**Exercise data:**

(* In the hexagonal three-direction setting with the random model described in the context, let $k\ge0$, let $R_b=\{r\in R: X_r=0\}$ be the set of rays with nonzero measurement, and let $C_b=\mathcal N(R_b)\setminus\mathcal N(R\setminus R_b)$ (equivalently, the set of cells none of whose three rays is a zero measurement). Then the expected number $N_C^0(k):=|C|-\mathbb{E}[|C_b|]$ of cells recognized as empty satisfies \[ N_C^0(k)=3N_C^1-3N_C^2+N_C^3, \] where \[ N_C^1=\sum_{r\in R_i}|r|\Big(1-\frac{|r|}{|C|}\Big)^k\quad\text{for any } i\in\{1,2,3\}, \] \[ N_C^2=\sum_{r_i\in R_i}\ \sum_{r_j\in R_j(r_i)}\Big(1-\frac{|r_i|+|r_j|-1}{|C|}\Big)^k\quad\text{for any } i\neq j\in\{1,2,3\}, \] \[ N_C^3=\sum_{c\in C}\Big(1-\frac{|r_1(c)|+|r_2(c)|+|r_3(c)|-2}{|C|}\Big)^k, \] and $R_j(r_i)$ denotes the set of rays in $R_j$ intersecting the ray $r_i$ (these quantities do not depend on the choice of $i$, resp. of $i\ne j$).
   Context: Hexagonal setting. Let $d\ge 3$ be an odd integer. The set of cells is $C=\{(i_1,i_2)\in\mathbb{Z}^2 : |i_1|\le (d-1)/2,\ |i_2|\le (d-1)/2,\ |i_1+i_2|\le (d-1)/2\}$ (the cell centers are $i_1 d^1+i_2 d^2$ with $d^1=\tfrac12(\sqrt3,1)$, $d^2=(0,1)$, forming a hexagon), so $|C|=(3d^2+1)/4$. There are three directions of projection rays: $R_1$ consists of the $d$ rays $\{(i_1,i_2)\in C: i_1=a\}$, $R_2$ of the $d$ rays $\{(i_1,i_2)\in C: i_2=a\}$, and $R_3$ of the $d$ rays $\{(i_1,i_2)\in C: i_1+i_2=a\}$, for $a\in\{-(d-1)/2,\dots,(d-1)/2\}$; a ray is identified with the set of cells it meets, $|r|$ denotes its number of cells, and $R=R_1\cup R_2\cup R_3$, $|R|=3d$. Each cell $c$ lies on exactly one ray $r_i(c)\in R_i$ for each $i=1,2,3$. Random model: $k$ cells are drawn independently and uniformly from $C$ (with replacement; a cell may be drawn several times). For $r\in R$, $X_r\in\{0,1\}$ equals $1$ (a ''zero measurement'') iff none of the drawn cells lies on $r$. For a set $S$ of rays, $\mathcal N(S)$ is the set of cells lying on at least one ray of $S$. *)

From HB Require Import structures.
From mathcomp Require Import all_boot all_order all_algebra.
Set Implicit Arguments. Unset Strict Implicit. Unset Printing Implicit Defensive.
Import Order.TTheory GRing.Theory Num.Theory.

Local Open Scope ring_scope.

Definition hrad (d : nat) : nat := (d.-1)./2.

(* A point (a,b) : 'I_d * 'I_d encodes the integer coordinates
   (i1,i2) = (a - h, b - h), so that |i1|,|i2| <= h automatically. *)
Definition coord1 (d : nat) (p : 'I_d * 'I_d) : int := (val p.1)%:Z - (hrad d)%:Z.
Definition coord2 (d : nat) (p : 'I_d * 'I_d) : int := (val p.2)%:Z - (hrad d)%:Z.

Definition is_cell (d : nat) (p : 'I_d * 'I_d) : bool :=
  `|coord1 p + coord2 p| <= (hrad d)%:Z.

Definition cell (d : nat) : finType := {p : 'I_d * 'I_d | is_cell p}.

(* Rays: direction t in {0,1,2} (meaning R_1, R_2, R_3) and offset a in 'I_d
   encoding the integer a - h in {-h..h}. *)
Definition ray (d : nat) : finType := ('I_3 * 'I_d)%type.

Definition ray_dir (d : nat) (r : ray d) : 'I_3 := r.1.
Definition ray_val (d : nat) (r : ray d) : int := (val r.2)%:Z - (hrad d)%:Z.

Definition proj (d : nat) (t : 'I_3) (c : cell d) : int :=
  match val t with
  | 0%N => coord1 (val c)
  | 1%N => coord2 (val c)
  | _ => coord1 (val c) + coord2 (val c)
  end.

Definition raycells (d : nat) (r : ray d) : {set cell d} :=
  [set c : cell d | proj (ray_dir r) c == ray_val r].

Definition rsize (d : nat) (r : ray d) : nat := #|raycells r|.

--

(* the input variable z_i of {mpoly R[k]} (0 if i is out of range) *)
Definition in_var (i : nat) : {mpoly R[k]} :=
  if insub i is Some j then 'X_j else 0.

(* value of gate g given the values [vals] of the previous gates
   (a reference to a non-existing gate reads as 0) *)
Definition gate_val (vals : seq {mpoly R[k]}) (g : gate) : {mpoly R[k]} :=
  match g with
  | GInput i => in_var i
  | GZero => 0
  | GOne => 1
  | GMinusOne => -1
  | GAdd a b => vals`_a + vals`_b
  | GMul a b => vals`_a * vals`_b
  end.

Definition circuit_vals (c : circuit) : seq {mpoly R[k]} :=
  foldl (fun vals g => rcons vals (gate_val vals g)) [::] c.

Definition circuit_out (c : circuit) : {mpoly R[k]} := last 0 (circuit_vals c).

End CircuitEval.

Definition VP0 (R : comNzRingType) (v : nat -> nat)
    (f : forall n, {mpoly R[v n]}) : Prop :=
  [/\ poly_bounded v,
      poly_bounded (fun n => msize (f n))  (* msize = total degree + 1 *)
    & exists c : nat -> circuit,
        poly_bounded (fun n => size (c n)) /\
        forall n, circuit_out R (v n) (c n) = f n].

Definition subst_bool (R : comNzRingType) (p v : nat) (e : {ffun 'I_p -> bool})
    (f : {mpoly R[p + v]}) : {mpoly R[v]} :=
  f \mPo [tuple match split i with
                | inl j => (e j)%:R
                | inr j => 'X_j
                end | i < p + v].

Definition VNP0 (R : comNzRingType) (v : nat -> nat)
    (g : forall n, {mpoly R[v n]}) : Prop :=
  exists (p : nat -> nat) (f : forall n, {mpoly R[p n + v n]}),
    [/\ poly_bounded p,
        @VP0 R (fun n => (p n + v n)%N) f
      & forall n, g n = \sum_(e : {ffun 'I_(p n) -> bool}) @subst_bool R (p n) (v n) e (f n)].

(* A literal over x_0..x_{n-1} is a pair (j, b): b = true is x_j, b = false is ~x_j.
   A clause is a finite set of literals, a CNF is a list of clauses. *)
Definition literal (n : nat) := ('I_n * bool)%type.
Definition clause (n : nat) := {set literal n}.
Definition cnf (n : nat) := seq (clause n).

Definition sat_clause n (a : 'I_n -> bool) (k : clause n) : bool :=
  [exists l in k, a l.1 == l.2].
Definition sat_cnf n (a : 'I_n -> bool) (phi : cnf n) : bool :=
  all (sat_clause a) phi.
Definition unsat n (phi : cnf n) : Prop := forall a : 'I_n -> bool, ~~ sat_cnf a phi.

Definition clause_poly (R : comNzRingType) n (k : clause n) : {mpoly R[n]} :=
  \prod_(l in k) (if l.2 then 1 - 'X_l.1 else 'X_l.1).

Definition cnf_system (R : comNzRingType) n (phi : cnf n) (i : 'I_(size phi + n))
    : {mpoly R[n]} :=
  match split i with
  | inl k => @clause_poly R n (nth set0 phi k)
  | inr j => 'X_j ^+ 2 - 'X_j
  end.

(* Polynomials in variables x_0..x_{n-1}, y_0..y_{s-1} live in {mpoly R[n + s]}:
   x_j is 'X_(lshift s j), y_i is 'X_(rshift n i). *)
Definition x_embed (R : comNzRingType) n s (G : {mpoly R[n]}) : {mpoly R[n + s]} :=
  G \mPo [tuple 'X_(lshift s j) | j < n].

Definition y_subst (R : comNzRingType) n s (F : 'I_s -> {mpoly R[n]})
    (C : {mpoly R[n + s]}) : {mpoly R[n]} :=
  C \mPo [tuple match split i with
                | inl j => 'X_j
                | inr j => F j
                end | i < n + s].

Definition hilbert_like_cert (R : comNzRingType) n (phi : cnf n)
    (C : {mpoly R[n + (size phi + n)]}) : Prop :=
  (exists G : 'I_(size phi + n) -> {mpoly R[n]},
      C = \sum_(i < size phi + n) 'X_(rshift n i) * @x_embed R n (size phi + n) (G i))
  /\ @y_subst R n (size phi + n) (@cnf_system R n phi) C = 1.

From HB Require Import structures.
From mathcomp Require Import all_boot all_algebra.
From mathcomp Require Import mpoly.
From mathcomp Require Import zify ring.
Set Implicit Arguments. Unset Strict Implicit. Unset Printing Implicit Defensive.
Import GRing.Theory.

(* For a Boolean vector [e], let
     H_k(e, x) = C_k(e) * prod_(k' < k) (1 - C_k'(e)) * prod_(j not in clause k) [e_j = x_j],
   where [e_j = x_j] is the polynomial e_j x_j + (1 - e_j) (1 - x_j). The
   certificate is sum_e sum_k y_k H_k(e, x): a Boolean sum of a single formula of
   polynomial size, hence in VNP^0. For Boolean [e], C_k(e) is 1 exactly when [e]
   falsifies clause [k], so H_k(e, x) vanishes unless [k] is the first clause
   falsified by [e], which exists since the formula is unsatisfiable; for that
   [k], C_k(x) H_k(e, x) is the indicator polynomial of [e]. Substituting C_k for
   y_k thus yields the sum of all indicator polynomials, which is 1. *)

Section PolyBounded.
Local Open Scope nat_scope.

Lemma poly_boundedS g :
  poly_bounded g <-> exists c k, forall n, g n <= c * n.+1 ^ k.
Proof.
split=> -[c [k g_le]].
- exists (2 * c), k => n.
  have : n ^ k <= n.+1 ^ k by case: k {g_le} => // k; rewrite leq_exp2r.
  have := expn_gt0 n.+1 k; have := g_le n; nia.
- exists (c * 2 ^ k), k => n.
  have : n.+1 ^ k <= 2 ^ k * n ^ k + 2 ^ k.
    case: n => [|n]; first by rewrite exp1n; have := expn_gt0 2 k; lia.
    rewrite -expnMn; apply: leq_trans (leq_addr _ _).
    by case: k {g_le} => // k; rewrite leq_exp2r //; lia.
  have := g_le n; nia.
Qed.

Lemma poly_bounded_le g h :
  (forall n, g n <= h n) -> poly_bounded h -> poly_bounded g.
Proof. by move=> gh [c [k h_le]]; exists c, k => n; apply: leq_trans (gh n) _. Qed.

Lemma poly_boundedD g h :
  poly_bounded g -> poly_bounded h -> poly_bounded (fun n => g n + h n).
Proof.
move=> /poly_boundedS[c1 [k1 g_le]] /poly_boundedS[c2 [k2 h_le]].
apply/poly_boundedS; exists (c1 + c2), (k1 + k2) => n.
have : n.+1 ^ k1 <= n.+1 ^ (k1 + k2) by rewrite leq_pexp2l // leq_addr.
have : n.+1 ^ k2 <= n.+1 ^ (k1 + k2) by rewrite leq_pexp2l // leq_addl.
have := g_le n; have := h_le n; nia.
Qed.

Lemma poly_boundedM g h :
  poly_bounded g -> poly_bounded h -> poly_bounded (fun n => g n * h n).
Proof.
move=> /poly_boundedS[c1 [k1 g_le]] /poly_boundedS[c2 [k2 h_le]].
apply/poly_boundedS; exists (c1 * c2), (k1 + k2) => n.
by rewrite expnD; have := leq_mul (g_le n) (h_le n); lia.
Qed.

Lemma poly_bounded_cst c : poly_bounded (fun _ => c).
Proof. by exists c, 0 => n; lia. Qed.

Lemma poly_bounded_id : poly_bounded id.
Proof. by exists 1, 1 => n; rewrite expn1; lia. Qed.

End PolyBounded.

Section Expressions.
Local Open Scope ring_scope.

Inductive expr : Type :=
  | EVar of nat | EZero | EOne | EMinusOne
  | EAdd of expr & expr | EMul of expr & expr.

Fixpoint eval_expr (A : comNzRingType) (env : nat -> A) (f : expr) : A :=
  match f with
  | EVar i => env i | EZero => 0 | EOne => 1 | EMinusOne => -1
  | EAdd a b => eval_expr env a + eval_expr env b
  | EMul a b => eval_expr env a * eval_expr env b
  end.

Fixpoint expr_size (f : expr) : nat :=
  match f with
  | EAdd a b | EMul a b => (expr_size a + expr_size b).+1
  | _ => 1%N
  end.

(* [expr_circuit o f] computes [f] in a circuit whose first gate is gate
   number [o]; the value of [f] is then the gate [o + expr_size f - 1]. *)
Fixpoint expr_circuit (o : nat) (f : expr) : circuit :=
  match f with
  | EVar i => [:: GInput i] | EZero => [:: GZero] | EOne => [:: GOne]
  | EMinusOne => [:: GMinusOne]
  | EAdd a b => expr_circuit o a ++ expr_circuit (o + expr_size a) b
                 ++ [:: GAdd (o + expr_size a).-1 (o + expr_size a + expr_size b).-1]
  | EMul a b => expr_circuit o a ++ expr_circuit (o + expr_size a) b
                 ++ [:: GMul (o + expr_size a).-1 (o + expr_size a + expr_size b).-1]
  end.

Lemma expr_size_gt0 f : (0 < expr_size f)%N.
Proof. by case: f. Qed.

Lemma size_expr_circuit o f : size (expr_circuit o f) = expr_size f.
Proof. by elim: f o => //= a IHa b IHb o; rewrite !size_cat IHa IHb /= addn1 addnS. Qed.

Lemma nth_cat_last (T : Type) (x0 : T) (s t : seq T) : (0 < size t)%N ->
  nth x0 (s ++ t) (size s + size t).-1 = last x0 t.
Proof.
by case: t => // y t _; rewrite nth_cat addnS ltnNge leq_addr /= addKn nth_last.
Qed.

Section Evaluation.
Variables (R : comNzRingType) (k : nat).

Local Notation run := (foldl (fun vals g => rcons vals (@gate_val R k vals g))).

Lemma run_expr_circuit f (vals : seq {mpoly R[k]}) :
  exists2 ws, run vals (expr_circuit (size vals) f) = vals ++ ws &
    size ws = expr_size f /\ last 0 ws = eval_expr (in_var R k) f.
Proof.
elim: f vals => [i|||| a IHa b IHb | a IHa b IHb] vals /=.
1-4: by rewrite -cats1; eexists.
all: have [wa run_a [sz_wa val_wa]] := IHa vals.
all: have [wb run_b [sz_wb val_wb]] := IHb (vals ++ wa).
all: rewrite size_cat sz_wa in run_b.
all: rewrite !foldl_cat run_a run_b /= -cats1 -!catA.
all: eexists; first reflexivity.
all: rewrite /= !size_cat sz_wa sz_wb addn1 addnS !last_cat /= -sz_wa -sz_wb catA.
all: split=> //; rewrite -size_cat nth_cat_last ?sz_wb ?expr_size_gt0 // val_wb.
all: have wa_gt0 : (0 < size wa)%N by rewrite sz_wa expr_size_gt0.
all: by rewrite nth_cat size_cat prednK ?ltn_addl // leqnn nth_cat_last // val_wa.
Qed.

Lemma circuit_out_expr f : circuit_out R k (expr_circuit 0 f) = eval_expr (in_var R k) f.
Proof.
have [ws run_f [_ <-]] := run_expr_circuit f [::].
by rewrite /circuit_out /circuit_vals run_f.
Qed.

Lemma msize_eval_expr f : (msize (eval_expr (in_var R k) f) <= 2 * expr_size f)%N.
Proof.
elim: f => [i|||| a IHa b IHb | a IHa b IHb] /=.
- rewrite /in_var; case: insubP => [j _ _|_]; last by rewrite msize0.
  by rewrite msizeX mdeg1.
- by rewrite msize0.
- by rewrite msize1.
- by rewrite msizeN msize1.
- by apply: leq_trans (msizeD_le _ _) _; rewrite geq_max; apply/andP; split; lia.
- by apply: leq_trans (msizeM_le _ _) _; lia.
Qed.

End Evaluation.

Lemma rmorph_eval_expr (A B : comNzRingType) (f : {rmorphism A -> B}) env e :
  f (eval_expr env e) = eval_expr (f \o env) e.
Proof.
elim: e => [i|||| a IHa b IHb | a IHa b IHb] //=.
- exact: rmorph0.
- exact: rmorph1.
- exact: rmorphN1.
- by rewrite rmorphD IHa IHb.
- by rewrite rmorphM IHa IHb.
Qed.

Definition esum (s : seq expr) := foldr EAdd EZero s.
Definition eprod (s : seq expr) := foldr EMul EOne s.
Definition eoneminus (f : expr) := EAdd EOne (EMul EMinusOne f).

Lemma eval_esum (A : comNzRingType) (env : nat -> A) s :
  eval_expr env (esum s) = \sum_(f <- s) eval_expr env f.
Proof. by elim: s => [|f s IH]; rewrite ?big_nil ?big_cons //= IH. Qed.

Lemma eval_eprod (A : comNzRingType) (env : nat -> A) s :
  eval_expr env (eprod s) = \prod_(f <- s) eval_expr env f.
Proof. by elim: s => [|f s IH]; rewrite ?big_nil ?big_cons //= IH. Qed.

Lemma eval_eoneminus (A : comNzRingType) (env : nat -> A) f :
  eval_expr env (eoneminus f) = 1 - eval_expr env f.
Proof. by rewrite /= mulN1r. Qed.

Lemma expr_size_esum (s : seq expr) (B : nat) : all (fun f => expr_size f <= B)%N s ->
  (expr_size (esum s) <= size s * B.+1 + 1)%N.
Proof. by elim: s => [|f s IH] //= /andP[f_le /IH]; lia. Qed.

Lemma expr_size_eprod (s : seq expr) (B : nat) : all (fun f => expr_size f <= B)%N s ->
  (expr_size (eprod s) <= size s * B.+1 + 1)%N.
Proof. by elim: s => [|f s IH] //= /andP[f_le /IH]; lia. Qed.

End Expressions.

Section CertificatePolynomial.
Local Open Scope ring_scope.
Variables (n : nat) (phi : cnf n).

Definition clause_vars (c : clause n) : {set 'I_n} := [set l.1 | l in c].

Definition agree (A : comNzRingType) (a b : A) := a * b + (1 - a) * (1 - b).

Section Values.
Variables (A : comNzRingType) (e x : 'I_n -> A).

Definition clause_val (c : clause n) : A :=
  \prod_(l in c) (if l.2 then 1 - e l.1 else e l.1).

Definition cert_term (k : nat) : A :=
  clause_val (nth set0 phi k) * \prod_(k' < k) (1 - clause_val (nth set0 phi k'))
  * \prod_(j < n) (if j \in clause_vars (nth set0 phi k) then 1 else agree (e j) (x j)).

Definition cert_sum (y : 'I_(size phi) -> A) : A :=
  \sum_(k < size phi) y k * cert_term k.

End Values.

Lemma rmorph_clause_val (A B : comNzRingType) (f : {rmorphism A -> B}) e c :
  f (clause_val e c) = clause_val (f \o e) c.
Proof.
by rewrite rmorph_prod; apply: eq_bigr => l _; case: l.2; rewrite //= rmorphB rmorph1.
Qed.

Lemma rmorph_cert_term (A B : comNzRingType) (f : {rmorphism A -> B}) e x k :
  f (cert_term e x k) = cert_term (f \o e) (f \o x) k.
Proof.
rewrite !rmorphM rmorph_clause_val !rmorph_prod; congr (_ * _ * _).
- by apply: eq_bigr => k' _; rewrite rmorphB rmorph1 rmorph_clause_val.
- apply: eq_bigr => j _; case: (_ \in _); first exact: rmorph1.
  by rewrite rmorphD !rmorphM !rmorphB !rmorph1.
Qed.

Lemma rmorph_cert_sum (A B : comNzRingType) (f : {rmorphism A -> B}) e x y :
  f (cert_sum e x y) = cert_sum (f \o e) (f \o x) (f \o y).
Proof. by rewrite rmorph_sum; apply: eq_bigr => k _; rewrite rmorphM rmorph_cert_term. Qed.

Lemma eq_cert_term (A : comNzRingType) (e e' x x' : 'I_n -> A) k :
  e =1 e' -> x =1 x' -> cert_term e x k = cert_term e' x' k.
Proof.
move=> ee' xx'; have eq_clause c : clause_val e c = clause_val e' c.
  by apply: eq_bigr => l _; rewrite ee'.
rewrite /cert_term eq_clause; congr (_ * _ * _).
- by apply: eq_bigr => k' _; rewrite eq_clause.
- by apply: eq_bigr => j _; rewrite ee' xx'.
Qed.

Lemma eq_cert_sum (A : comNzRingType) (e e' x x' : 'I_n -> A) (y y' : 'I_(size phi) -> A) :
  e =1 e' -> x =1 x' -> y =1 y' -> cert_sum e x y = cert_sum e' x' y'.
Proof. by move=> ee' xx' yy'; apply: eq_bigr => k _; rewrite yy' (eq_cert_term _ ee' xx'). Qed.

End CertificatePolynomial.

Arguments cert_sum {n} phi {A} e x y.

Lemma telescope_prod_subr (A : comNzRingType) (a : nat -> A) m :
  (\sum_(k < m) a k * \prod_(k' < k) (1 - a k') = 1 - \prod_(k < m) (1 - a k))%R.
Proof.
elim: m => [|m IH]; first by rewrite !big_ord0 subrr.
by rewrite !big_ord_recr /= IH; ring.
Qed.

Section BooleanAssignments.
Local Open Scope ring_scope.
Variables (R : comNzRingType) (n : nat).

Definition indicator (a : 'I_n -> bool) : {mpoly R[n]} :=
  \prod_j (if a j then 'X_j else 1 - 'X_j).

**Task instructions:** Look above for the line holding "poly_bounded g <->" and the line holding "Proof. by exists c, 0 => n; lia. Qed.", then output exactly those two lines and every line between them, nothing more.

**Final answer:**
  poly_bounded g <-> exists c k, forall n, g n <= c * n.+1 ^ k.
Proof.
split=> -[c [k g_le]].
- exists (2 * c), k => n.
  have : n ^ k <= n.+1 ^ k by case: k {g_le} => // k; rewrite leq_exp2r.
  have := expn_gt0 n.+1 k; have := g_le n; nia.
- exists (c * 2 ^ k), k => n.
  have : n.+1 ^ k <= 2 ^ k * n ^ k + 2 ^ k.
    case: n => [|n]; first by rewrite exp1n; have := expn_gt0 2 k; lia.
    rewrite -expnMn; apply: leq_trans (leq_addr _ _).
    by case: k {g_le} => // k; rewrite leq_exp2r //; lia.
  have := g_le n; nia.
Qed.

Lemma poly_bounded_le g h :
  (forall n, g n <= h n) -> poly_bounded h -> poly_bounded g.
Proof. by move=> gh [c [k h_le]]; exists c, k => n; apply: leq_trans (gh n) _. Qed.

Lemma poly_boundedD g h :
  poly_bounded g -> poly_bounded h -> poly_bounded (fun n => g n + h n).
Proof.
move=> /poly_boundedS[c1 [k1 g_le]] /poly_boundedS[c2 [k2 h_le]].
apply/poly_boundedS; exists (c1 + c2), (k1 + k2) => n.
have : n.+1 ^ k1 <= n.+1 ^ (k1 + k2) by rewrite leq_pexp2l // leq_addr.
have : n.+1 ^ k2 <= n.+1 ^ (k1 + k2) by rewrite leq_pexp2l // leq_addl.
have := g_le n; have := h_le n; nia.
Qed.

Lemma poly_boundedM g h :
  poly_bounded g -> poly_bounded h -> poly_bounded (fun n => g n * h n).
Proof.
move=> /poly_boundedS[c1 [k1 g_le]] /poly_boundedS[c2 [k2 h_le]].
apply/poly_boundedS; exists (c1 * c2), (k1 + k2) => n.
by rewrite expnD; have := leq_mul (g_le n) (h_le n); lia.
Qed.

Lemma poly_bounded_cst c : poly_bounded (fun _ => c).
Proof. by exists c, 0 => n; lia. Qed.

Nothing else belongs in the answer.